Raw data:
-------
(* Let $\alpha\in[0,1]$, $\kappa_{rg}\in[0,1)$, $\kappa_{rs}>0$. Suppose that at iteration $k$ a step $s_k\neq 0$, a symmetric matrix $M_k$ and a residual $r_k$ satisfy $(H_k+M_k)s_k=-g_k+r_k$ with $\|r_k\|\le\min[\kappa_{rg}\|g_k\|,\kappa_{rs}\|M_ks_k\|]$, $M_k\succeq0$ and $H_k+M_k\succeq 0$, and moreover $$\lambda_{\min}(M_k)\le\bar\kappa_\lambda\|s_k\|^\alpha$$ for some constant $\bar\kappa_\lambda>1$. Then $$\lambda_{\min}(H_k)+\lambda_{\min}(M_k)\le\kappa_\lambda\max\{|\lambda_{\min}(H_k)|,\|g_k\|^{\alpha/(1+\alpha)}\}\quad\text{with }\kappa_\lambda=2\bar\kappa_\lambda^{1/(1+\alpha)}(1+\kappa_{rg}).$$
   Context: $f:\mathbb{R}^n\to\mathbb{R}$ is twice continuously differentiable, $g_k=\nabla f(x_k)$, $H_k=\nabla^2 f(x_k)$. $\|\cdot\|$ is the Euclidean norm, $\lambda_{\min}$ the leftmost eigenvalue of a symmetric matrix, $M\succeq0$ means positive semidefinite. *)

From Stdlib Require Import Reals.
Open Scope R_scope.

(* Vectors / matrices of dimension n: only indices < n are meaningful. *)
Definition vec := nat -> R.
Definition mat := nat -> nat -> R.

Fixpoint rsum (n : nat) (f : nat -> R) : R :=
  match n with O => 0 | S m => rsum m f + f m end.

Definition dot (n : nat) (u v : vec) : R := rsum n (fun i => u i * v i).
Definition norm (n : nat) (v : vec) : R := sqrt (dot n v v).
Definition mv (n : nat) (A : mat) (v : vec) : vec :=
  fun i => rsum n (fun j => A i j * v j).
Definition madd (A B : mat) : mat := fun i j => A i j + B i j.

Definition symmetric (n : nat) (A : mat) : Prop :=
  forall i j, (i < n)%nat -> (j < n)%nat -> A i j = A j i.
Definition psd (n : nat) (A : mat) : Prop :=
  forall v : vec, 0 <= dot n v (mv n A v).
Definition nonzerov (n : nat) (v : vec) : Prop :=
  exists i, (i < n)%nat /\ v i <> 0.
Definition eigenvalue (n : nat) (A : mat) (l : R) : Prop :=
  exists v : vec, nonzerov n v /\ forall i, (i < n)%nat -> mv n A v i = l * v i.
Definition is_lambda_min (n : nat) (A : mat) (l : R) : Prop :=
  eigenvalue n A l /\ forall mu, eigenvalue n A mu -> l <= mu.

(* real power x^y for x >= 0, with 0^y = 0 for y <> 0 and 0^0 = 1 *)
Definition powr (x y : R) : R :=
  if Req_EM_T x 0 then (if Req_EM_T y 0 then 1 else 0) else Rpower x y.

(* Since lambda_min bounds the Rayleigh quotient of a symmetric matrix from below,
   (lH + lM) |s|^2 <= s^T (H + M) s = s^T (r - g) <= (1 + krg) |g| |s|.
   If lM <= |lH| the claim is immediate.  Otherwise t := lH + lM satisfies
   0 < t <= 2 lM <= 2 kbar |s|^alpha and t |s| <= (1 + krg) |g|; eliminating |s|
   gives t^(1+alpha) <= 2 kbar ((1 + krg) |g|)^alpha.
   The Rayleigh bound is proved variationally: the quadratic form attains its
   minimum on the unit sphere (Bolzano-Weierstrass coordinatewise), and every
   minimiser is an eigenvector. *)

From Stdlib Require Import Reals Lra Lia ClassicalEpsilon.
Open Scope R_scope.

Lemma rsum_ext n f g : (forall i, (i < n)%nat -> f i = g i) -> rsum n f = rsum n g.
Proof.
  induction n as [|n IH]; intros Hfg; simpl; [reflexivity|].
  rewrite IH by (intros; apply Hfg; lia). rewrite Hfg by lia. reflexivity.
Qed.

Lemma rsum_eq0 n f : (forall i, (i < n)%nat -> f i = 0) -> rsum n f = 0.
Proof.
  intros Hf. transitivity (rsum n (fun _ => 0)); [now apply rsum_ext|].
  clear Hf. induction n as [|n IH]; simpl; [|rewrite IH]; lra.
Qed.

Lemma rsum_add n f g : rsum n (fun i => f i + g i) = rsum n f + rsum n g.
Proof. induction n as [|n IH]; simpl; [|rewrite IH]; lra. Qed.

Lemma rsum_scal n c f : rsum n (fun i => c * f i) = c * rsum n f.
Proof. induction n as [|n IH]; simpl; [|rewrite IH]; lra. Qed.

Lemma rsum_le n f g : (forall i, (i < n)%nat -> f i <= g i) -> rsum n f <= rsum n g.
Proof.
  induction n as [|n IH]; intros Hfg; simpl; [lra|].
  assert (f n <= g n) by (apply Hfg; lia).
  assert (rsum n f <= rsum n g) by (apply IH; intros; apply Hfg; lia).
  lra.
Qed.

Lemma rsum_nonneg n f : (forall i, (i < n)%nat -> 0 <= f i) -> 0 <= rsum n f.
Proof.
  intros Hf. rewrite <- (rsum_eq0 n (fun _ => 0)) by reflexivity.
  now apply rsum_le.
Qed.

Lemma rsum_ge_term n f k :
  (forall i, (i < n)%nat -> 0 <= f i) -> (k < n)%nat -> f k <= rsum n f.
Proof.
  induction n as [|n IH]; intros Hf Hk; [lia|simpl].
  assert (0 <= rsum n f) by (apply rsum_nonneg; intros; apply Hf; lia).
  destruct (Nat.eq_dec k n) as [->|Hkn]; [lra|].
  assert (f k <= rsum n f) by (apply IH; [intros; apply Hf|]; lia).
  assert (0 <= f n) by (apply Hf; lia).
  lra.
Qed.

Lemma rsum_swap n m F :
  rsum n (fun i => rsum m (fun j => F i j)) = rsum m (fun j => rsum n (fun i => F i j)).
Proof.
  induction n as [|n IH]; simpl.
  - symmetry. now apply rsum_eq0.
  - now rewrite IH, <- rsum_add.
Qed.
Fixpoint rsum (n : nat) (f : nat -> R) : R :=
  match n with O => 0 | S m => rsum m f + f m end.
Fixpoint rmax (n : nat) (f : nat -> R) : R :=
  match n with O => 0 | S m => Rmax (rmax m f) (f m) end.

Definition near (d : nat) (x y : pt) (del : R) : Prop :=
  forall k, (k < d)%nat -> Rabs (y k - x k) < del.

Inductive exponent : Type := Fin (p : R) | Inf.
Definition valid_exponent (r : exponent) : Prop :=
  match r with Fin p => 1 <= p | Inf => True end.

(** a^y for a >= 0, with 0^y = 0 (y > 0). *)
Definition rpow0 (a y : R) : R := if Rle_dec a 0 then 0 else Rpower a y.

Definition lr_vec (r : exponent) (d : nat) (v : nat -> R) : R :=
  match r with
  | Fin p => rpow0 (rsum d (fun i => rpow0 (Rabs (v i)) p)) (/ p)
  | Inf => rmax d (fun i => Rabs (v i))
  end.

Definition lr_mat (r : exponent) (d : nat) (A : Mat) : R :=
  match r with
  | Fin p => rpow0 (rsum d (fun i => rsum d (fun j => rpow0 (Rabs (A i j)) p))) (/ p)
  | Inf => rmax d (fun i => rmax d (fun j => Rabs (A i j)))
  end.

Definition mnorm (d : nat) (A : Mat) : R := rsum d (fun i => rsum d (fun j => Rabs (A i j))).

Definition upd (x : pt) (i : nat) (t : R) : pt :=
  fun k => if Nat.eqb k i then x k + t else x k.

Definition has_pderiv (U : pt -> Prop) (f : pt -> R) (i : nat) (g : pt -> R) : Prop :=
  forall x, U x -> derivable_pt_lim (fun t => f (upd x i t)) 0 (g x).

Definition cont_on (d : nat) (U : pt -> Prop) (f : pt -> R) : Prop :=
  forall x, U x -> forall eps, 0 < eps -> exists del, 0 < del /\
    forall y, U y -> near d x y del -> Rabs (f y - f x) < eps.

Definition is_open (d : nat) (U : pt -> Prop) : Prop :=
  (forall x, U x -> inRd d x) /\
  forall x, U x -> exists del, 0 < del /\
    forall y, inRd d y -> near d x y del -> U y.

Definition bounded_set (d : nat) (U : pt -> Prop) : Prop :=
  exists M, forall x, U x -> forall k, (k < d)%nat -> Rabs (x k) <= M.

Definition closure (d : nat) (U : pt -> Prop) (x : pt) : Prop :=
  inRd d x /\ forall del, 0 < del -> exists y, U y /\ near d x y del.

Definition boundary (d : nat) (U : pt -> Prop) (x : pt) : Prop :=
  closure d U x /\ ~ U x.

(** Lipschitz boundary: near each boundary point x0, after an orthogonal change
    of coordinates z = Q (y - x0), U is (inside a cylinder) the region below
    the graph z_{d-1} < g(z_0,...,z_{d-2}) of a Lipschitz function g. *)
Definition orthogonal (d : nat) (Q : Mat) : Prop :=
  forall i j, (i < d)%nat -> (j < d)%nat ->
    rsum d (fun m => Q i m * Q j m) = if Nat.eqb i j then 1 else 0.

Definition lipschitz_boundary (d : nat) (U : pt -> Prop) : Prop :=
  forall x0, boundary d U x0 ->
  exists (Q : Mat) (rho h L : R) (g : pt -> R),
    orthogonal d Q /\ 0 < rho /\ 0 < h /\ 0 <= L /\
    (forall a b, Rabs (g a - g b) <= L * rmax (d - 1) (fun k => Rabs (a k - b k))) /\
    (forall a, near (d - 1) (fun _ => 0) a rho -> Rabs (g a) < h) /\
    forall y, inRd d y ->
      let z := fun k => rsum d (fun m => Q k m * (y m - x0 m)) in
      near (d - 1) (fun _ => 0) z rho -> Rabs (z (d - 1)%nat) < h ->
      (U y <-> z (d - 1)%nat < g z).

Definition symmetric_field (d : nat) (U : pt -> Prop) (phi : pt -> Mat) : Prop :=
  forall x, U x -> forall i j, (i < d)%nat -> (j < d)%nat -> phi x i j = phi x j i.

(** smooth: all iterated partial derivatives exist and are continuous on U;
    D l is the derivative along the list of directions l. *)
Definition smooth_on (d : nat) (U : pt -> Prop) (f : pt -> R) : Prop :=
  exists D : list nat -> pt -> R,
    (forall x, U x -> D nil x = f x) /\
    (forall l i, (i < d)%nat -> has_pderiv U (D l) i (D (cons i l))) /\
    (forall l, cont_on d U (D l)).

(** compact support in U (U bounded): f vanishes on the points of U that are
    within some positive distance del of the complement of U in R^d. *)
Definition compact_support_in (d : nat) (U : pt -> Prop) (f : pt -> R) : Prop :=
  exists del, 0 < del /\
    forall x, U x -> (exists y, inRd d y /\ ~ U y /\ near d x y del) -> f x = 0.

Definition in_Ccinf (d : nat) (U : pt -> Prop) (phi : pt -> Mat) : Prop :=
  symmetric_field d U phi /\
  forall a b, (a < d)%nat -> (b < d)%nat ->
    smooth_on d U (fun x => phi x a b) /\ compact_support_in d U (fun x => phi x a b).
-------
Above are records; repeat only the lines starting at the line with "The Rayleigh bound" and ending at the line with "induction n as [|n IH]; intros Hfg; simpl; [reflexivity|].", exactly as they appear, both included.

   The Rayleigh bound is proved variationally: the quadratic form attains its
   minimum on the unit sphere (Bolzano-Weierstrass coordinatewise), and every
   minimiser is an eigenvector. *)

From Stdlib Require Import Reals Lra Lia ClassicalEpsilon.
Open Scope R_scope.

Lemma rsum_ext n f g : (forall i, (i < n)%nat -> f i = g i) -> rsum n f = rsum n g.
Proof.
  induction n as [|n IH]; intros Hfg; simpl; [reflexivity|].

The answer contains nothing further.